Dataset entries:
Lemma rainbow_path2 (c : {set 'I_n} -> 'I_2) u w p :
  rainbow_path E c u w p -> u != w ->
  w \in nbhd u \/
  exists y, [/\ y \in nbhd u, w \in nbhd y & c [set u; y] != c [set y; w]].
Proof.
move=> rp uw; move: rp (rainbow_path_size rp).
case: p => [|y [|w' [|]]] [] //=.
- by move=> eq_uw; rewrite eq_uw eqxx in uw.
- by move=> <-; rewrite !andbT => _ uyE _ _; left; rewrite inE.
- move=> <- _ /and3P[uyE ywE _]; rewrite inE andbT => neq_c _.
  by right; exists y; rewrite !inE.
Qed.

Definition low (D : nat) : {set 'I_n} := [set u | #|nbhd u| < D].

Definition high_nbhd D u : {set 'I_n} := nbhd u :\: low D.

Section Simple.
Hypothesis simpleE : simple_graph E.

Lemma simple_edge_neq u x : [set u; x] \in E -> u != x.
Proof.
by move=> uxE; apply/eqP=> eq_ux; move: (simpleE uxE); rewrite eq_ux setUid cards1.
Qed.

Lemma nbhd_edge_inj u : {in nbhd u &, injective (fun x => [set u; x])}.
Proof.
move=> x y; rewrite inE => /simple_edge_neq ux _ eq_uxy.
have : x \in [set u; y] by rewrite -eq_uxy set22.
by rewrite in_set2 eq_sym (negbTE ux) => /eqP.
Qed.

Lemma incident_edgesE u : [set e in E | u \in e] = (fun x => [set u; x]) @: nbhd u.
Proof.
apply/setP=> e; rewrite inE; apply/andP/imsetP => [[eE ue]|[x ux ->]].
  have /eqP/cards2P[a [b [_ eab]]] := simpleE eE.
  move: ue eE; rewrite eab in_set2 => /orP[]/eqP-> abE.
    by exists b; rewrite ?inE.
  by exists a; rewrite ?inE setUC.
by move: ux; rewrite inE set21 => ->.
Qed.

Lemma handshake : \sum_u #|nbhd u| = 2 * #|E|.
Proof.
under eq_bigr => u _ do rewrite -(card_in_imset (@nbhd_edge_inj u)) -incident_edgesE.
rewrite sum_card_incident (eq_bigr (fun=> 2)) => [|e eE].
  by rewrite sum_nat_const mulnC.
by rewrite -(simpleE eE); apply: eq_card => x; rewrite inE.
Qed.

Lemma card_high_le D : D * #|~: low D| <= 2 * #|E|.
Proof.
rewrite -handshake mulnC -sum_nat_const [leqRHS](bigID (mem (~: low D))) /=.
apply: leq_trans (leq_addr _ _); apply: leq_sum => u.
by rewrite !inE -leqNgt.
Qed.

Lemma card_edge_low D e :
  e \in E -> e :\: low D != set0 -> #|e :&: low D| <= 1.
Proof.
move=> eE /set0Pn/card_gt0P high_e; have := cardsID (low D) e.
by rewrite (simpleE eE); case: #|_ :&: _| high_e => [|[|[|]]] //; case: #|_ :\: _|.
Qed.

Lemma sum_high_nbhd_low D : \sum_(u in low D) #|high_nbhd D u| <= #|E|.
Proof.
pose Q u e := (u \in e :&: low D) && (e :\: low D != set0).
apply: (@leq_trans (\sum_u #|[set e in E | Q u e]|)).
  rewrite [leqRHS](bigID (mem (low D))) /=; apply: leq_trans (leq_addr _ _).
  apply: leq_sum => u uL.
  rewrite -(card_in_imset (sub_in2 (subsetP (subsetDl _ _)) (@nbhd_edge_inj u))).
  apply/subset_leq_card/subsetP => _ /imsetP[x /setDP[xN xH] ->].
  have uxE : [set u; x] \in E by rewrite inE in xN.
  rewrite inE uxE /Q inE set21 uL /=; apply/set0Pn; exists x.
  by rewrite inE set22 xH.
rewrite sum_card_incident -sum1_card; apply: leq_sum => e eE.
have [high_e|] := boolP (e :\: low D != set0).
  apply: leq_trans (card_edge_low eE high_e); apply/subset_leq_card/subsetP => u.
  by rewrite !inE /Q !inE => /andP[].
move/negbNE=> low_e; rewrite (_ : [set u | Q u e] = set0) ?cards0 //.
by apply/setP => u; rewrite !inE /Q low_e andbF.
Qed.

End Simple.

Section Agreeing.
Variables (c : {set 'I_n} -> 'I_2) (D : nat).
Hypothesis rainbow_c : forall u v, u != v -> exists p, rainbow_path E c u v p.

Definition agreeing_low (s : {ffun 'I_n -> 'I_2}) : {set 'I_n} :=
  [set u in low D | [forall x in high_nbhd D u, s x == c [set u; x]]].

Lemma agreeing_low_reach s u w :
  u \in agreeing_low s -> w \in agreeing_low s -> u != w ->
  w \in nbhd u \/ exists2 y, y \in nbhd u :&: low D & w \in nbhd y.
Proof.
move=> us ws uw; have [p /rainbow_path2 /(_ uw)] := rainbow_c uw.
case=> [|[y [uy yw neq_c]]]; [by left | right; exists y => //].
rewrite in_setI uy; apply: contraNT neq_c => yH.
have yHu : y \in high_nbhd D u by rewrite in_setD yH uy.
have yHw : y \in high_nbhd D w by rewrite in_setD yH nbhd_sym yw.
move: us ws; rewrite !inE => /andP[_ /forall_inP/(_ y yHu)/eqP <-].
by rewrite setUC => /andP[_ /forall_inP/(_ y yHw)/eqP <-].
Qed.
(* Let $f\in\mathcal{C}$ and let $f^\ast(t):=t f(1/t)$ for $t>0$, extended by $f^\ast(0):=\lim_{t\downarrow0}f^\ast(t)\in(-\infty,\infty]$. Then for all probability measures $P,Q$ on a common measurable space and all $\gamma\in[1,\infty)$, $$D_f(P\|Q)\ \ge\ f^\ast\!\Bigl(1+\tfrac1\gamma E_\gamma(P\|Q)\Bigr) + f^\ast\!\Bigl(\tfrac1\gamma\bigl(1-E_\gamma(P\|Q)\bigr)\Bigr) - f^\ast\!\Bigl(\tfrac1\gamma\Bigr).$$
   Context: $\mathcal{C}$ is the set of convex $f\colon(0,\infty)\to\mathbb{R}$ with $f(1)=0$. For densities $p,q$ of $P,Q$ w.r.t. a dominating measure $\mu$, $D_f(P\|Q):=\int qf(p/q)\,\mathrm{d}\mu$ with conventions $f(0):=\lim_{t\downarrow0}f(t)$, $0f(0/0)=0$, $0f(a/0)=a\lim_{u\to\infty}f(u)/u$ for $a>0$. For $\gamma\ge1$, $E_\gamma(P\|Q):=\sup_U(P(U)-\gamma Q(U))=\int(p-\gamma q)^+\,\mathrm{d}\mu$. *)

From HB Require Import structures.
From mathcomp Require Import all_boot all_order all_algebra.
From mathcomp Require Import all_classical all_reals all_analysis.
Set Implicit Arguments. Unset Strict Implicit. Unset Printing Implicit Defensive.
Import Order.TTheory GRing.Theory Num.Theory.
Import numFieldNormedType.Exports.
Local Open Scope classical_set_scope.
Local Open Scope ring_scope.

Definition convex_pos (R : realType) (f : R -> R) : Prop :=
  forall x y t : R, 0 < x -> 0 < y -> 0 <= t <= 1 ->
    f (t * x + (1 - t) * y) <= t * f x + (1 - t) * f y.

Definition classC (R : realType) (f : R -> R) : Prop :=
  convex_pos f /\ f 1 = 0.

Definition f_at0 (R : realType) (f : R -> R) : \bar R :=
  lim ((fun t => (f t)%:E) @ 0^'+).

Definition f_slope_inf (R : realType) (f : R -> R) : \bar R :=
  lim ((fun u => (f u / u)%:E) @ +oo).

Definition fstar (R : realType) (f : R -> R) (t : R) : \bar R :=
  if 0 < t then (t * f t^-1)%:E
  else lim ((fun s => (s * f s^-1)%:E) @ 0^'+).

Definition fdiv_integrand (R : realType) (f : R -> R) (p q : R) : \bar R :=
  if 0 < q then
    (if 0 < p then (q * f (p / q))%:E else (q%:E * f_at0 f)%E)
  else
    (if 0 < p then (p%:E * f_slope_inf f)%E else 0%E).
(* Let $\kappa_1<\dots<\kappa_M$ be real and let $A=(a_{k,j})$ be a real $N\times M$ matrix ($N<M$) of rank $N$ in reduced row echelon form that is totally nonnegative and irreducible, with pivot columns $I_0=\{i_1<\dots<i_N\}$. Enumerate the non-pivot nonzero entries of $A$ as $\sigma=1,\dots,\tilde g$ (data $b_\sigma,c_\sigma,\tilde\phi_\sigma$ as in the context). Define for $\sigma\ne\rho$ $$C_{\sigma,\rho}=\frac{(b_\sigma-b_\rho)(c_\sigma-c_\rho)}{(b_\sigma-c_\rho)(c_\sigma-b_\rho)}$$ (so $C_{\sigma,\rho}=0$ if the two entries lie in the same row or in the same column; formally $C_{\sigma,\rho}=e^{2\pi i\tilde\Omega_{\sigma,\rho}}$ with $\tilde\Omega_{\sigma,\rho}=+i\infty$ in that case). Then the KP $\tau$-function $\tau_A(x,y,t)=\sum_{I\in\binom{[M]}{N}}\Delta_I(A)E_I(x,y,t)$ satisfies $$\frac{\tau_A(x,y,t)}{E_{I_0}(x,y,t)}=\tilde\vartheta^{(\tilde g)}_{\tilde g}(\mathbf z;\tilde\Omega)=\sum_{\mathbf m\in\{0,1\}^{\tilde g}}\ \prod_{\sigma<\rho}C_{\sigma,\rho}^{\,m_\sigma m_\rho}\ \exp\Big(\sum_{\sigma=1}^{\tilde g}m_\sigma\tilde\phi_\sigma\Big),$$ with the convention $0^0=1$; here $2\pi i z_\sigma=\tilde\phi_\sigma(x,y,t)$.
   Context: $\xi_j=\kappa_jx+\kappa_j^2y+\kappa_j^3t$; for $I=\{i_1<\dots<i_N\}\subset[M]$, $E_I=\prod_{a<b}(\kappa_{i_b}-\kappa_{i_a})\exp(\xi_{i_1}+\dots+\xi_{i_N})$ and $\Delta_I(A)$ is the $N\times N$ minor of $A$ on columns $I$. $A$ is totally nonnegative if all $\Delta_I(A)\ge0$; $A$ in reduced row echelon form is irreducible if each row has a nonzero entry besides its pivot and no column is zero. Row $k$ has its pivot in column $i_k$; let $j^{(k)}_1<\dots<j^{(k)}_{n_k}$ be the non-pivot columns with $a_{k,j}\ne0$, $\tilde g_k=n_1+\dots+n_k$, $\tilde g_0=0$, $\tilde g=\tilde g_N$ (the number of nonzero non-pivot entries of $A$). For $\sigma=\tilde g_{k-1}+m$ ($1\le m\le n_k$): $b_\sigma=\kappa_{i_k}$, $c_\sigma=\kappa_{j^{(k)}_m}$, $\phi_\sigma=\xi_{j^{(k)}_m}-\xi_{i_k}$, $e^{\phi^0_\sigma}=|a_{k,j^{(k)}_m}|\prod_{l\ne k}|\kappa_{i_l}-\kappa_{j^{(k)}_m}|/\prod_{l\ne k}|\kappa_{i_l}-\kappa_{i_k}|$, and $\tilde\phi_\sigma=\phi_\sigma+\phi^0_\sigma$. *)

From HB Require Import structures.
From mathcomp Require Import all_boot all_order all_algebra.
From mathcomp Require Import reals sequences exp.
Set Implicit Arguments. Unset Strict Implicit. Unset Printing Implicit Defensive.
Import Order.TTheory GRing.Theory Num.Theory.
Local Open Scope ring_scope.

Definition xi (R : realType) (M : nat) (kappa : 'I_M -> R) (j : 'I_M) (x y t : R) : R :=
  kappa j * x + kappa j ^+ 2 * y + kappa j ^+ 3 * t.

Definition E_I (R : realType) (M : nat) (kappa : 'I_M -> R) (I : {set 'I_M}) (x y t : R) : R :=
  (\prod_(a in I) \prod_(b in I | (a < b)%N) (kappa b - kappa a))
  * expR (\sum_(j in I) xi kappa j x y t).

Definition minor (R : realType) (N M : nat) (A : 'M[R]_(N, M)) (I : {set 'I_M}) : R :=
  \det (\matrix_(i < N, k < N) nth 0 [seq A i j | j <- enum I] k).

Definition tau (R : realType) (N M : nat) (kappa : 'I_M -> R) (A : 'M[R]_(N, M)) (x y t : R) : R :=
  \sum_(I : {set 'I_M} | #|I| == N) minor A I * E_I kappa I x y t.

Definition totally_nonnegative (R : realType) (N M : nat) (A : 'M[R]_(N, M)) : Prop :=
  forall I : {set 'I_M}, #|I| = N -> 0 <= minor A I.

Definition rref_with_pivots (R : realType) (N M : nat) (A : 'M[R]_(N, M)) (piv : 'I_N -> 'I_M) : Prop :=
  [/\ forall k l : 'I_N, (k < l)%N -> (piv k < piv l)%N,
      forall k : 'I_N, A k (piv k) = 1,
      forall k l : 'I_N, l != k -> A l (piv k) = 0
    & forall (k : 'I_N) (j : 'I_M), (j < piv k)%N -> A k j = 0].

Definition irreducible_rref (R : realType) (N M : nat) (A : 'M[R]_(N, M)) (piv : 'I_N -> 'I_M) : Prop :=
  (forall k : 'I_N, exists j : 'I_M, j != piv k /\ A k j != 0) /\
  (forall j : 'I_M, exists k : 'I_N, A k j != 0).

Definition pivot_set (N M : nat) (piv : 'I_N -> 'I_M) : {set 'I_M} := [set piv k | k : 'I_N].

Definition entries (R : realType) (N M : nat) (A : 'M[R]_(N, M)) (piv : 'I_N -> 'I_M)
  : seq ('I_N * 'I_M) :=
  [seq (k, j) | k <- enum 'I_N,
                j <- [seq j <- enum 'I_M | (j \notin pivot_set piv) && (A k j != 0)]].

Definition gtilde (R : realType) (N M : nat) (A : 'M[R]_(N, M)) (piv : 'I_N -> 'I_M) : nat :=
  size (entries A piv).

Definition entry (R : realType) (N M : nat) (A : 'M[R]_(N, M)) (piv : 'I_N -> 'I_M)
  (s : 'I_(gtilde A piv)) : 'I_N * 'I_M :=
  tnth (in_tuple (entries A piv)) s.
Lemma tail_identity : N - d <= d -> forall x, d <= x -> x < N -> f x = x - d.
Proof.
move=> tail_le; have p_last := tail_single_max tail_le.
have f_rev_d : f (N.-1 - d) = d by rewrite f_prefix; lia.
have f_incr j k : j < k -> k < N - d -> f (d + j) < f (d + k).
  move=> jk kNd; have fj := f_mid (_ : d <= d + j) (_ : d + j < p).
  case: (ltnP (d + k) N.-1) => kN1; last by rewrite (_ : d + k = N.-1) ?f_last; lia.
  have fk := f_mid (_ : d <= d + k) (_ : d + k < p).
  have := f_inj (_ : d + j < N) (_ : d + k < N).
  have := ff231 (_ : d + j < d + k) kN1 (_ : N.-1 < N).
  rewrite /= f_last p_last f_rev_d (@f_prefix (f (d + j))) ?(@f_prefix (f (d + k))); lia.
move=> x dx xN; have := @incr_on_id (N - d) (fun j => f (d + j)) f_incr _ (x - d).
by rewrite /= subnKC //; apply=> [j jNd|]; [apply: tail_lt | ]; lia.
Qed.

End MaxFirst.

Lemma max_first_decinc N f :
  (forall x, x < N -> f x < N) ->
  (forall x y, x < N -> y < N -> f x = f y -> x = y) ->
  1 < N -> admissible N f -> f 0 = N.-1 ->
  exists2 r, 0 < r /\ 2 * r <= N & forall x, x < N -> f x = decinc N r x.
Proof.
move=> f_lt f_inj N_gt1 [f231 f1423 ff231] f_0.
have exP : exists d, (N <= d) || (f d != N.-1 - d) by exists N; rewrite leqnn.
have [d d_brk d_min] := ex_minnP exP.
have f_prefix x : x < d -> f x = N.-1 - x.
  by move=> xd; apply: contraTeq xd => fx; rewrite -leqNgt d_min // fx orbT.
have d_gt0 : 0 < d.
  by rewrite lt0n; apply: contraTneq d_brk => ->; rewrite f_0 subn0 eqxx orbF; lia.
case: (ltnP d N) => [d_ltN | d_geN]; last first.
  by exists 1 => [|x xN]; [lia | rewrite /decinc f_prefix; [case: ifP|]; lia].
have f_d : f d <> N.-1 - d by move: d_brk; rewrite leqNgt d_ltN => /eqP.
have [p [dp pN f_mid f_end]] := tail_split f_lt f_inj f231 f1423 d_gt0 d_ltN f_prefix f_d.
case: (leqP (N - d) d) => [tail_le | tail_gt].
  exists (N - d) => [|x xN]; first lia.
  rewrite /decinc (subKn (ltnW d_ltN)); case: ifP => xd; first exact: f_prefix.
  by apply: (tail_identity f_lt f_inj ff231 d_gt0 d_ltN f_prefix f_d dp pN f_mid f_end); lia.
by case: (long_tail_absurd f_lt f_inj ff231 d_gt0 d_ltN f_prefix f_d dp pN f_mid f_end tail_gt).
Qed.

(** * Permutations as functions on [nat] *)

(* Working with the induced function on [nat] lets [lia] handle positions and
   values directly. *)
Definition pfun n (t : 'S_n) (x : nat) : nat :=
  if insub x is Some i then val (t i) else x.

Lemma pfunE n (t : 'S_n) (i : 'I_n) : pfun t i = t i.
Proof. by rewrite /pfun valK. Qed.

Lemma pfun_ord n (t : 'S_n) x (xn : x < n) : pfun t x = t (Ordinal xn).
Proof. by rewrite -pfunE. Qed.

Lemma pfun_lt n (t : 'S_n) x : x < n -> pfun t x < n.
Proof. by move=> xn; rewrite (pfun_ord t xn). Qed.

Lemma pfun_inj n (t : 'S_n) x y : x < n -> y < n -> pfun t x = pfun t y -> x = y.
Proof.
by move=> xn yn; rewrite (pfun_ord t xn) (pfun_ord t yn) => /val_inj /perm_inj [].
Qed.

Lemma pfunM n (s t : 'S_n) x : x < n -> pfun (s * t)%g x = pfun t (pfun s x).
Proof. by move=> xn; rewrite (pfun_ord _ xn) (pfun_ord s xn) pfunE permM. Qed.

Lemma contains3E n (t : 'S_n) a b c :
  contains t [:: a; b; c] =
  [exists i : 'I_n, exists j : 'I_n, exists k : 'I_n,
    [&& i < j, j < k, (t j < t i) == (b < a), (t k < t i) == (c < a)
      & (t k < t j) == (c < b)]].
Proof.
apply/existsP/existsP => [[F /forallP F_ok] | [i /existsP [j /existsP [k]]]].
  pose o0 := @Ordinal 3 0 isT; pose o1 := @Ordinal 3 1 isT; pose o2 := @Ordinal 3 2 isT.
  have F_lt s u := implyP (forallP (F_ok s) u).
  case/andP: (F_lt o0 o1 isT) => F01 c01; case/andP: (F_lt o0 o2 isT) => _ c02.
  case/andP: (F_lt o1 o2 isT) => F12 c12.
  exists (F o0); apply/existsP; exists (F o1); apply/existsP; exists (F o2).
  by rewrite F01 F12 c01 c02 c12.
case/and5P=> ij jk c01 c02 c12; exists [ffun s : 'I_3 => nth i [:: i; j; k] s].
apply/forallP => -[[|[|[|?]]] ?]; apply/forallP => -[[|[|[|?]]] ?] //=;
  by rewrite !ffunE /= ?ij ?jk ?c01 ?c02 ?c12 ?(ltn_trans ij jk).
Qed.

Work required:
Of the entries above, repeat exactly the lines between the line with "Definition pfun n" and the line with "have F_lt s", inclusive, and no others.

Response:
Definition pfun n (t : 'S_n) (x : nat) : nat :=
  if insub x is Some i then val (t i) else x.

Lemma pfunE n (t : 'S_n) (i : 'I_n) : pfun t i = t i.
Proof. by rewrite /pfun valK. Qed.

Lemma pfun_ord n (t : 'S_n) x (xn : x < n) : pfun t x = t (Ordinal xn).
Proof. by rewrite -pfunE. Qed.

Lemma pfun_lt n (t : 'S_n) x : x < n -> pfun t x < n.
Proof. by move=> xn; rewrite (pfun_ord t xn). Qed.

Lemma pfun_inj n (t : 'S_n) x y : x < n -> y < n -> pfun t x = pfun t y -> x = y.
Proof.
by move=> xn yn; rewrite (pfun_ord t xn) (pfun_ord t yn) => /val_inj /perm_inj [].
Qed.

Lemma pfunM n (s t : 'S_n) x : x < n -> pfun (s * t)%g x = pfun t (pfun s x).
Proof. by move=> xn; rewrite (pfun_ord _ xn) (pfun_ord s xn) pfunE permM. Qed.

Lemma contains3E n (t : 'S_n) a b c :
  contains t [:: a; b; c] =
  [exists i : 'I_n, exists j : 'I_n, exists k : 'I_n,
    [&& i < j, j < k, (t j < t i) == (b < a), (t k < t i) == (c < a)
      & (t k < t j) == (c < b)]].
Proof.
apply/existsP/existsP => [[F /forallP F_ok] | [i /existsP [j /existsP [k]]]].
  pose o0 := @Ordinal 3 0 isT; pose o1 := @Ordinal 3 1 isT; pose o2 := @Ordinal 3 2 isT.
  have F_lt s u := implyP (forallP (F_ok s) u).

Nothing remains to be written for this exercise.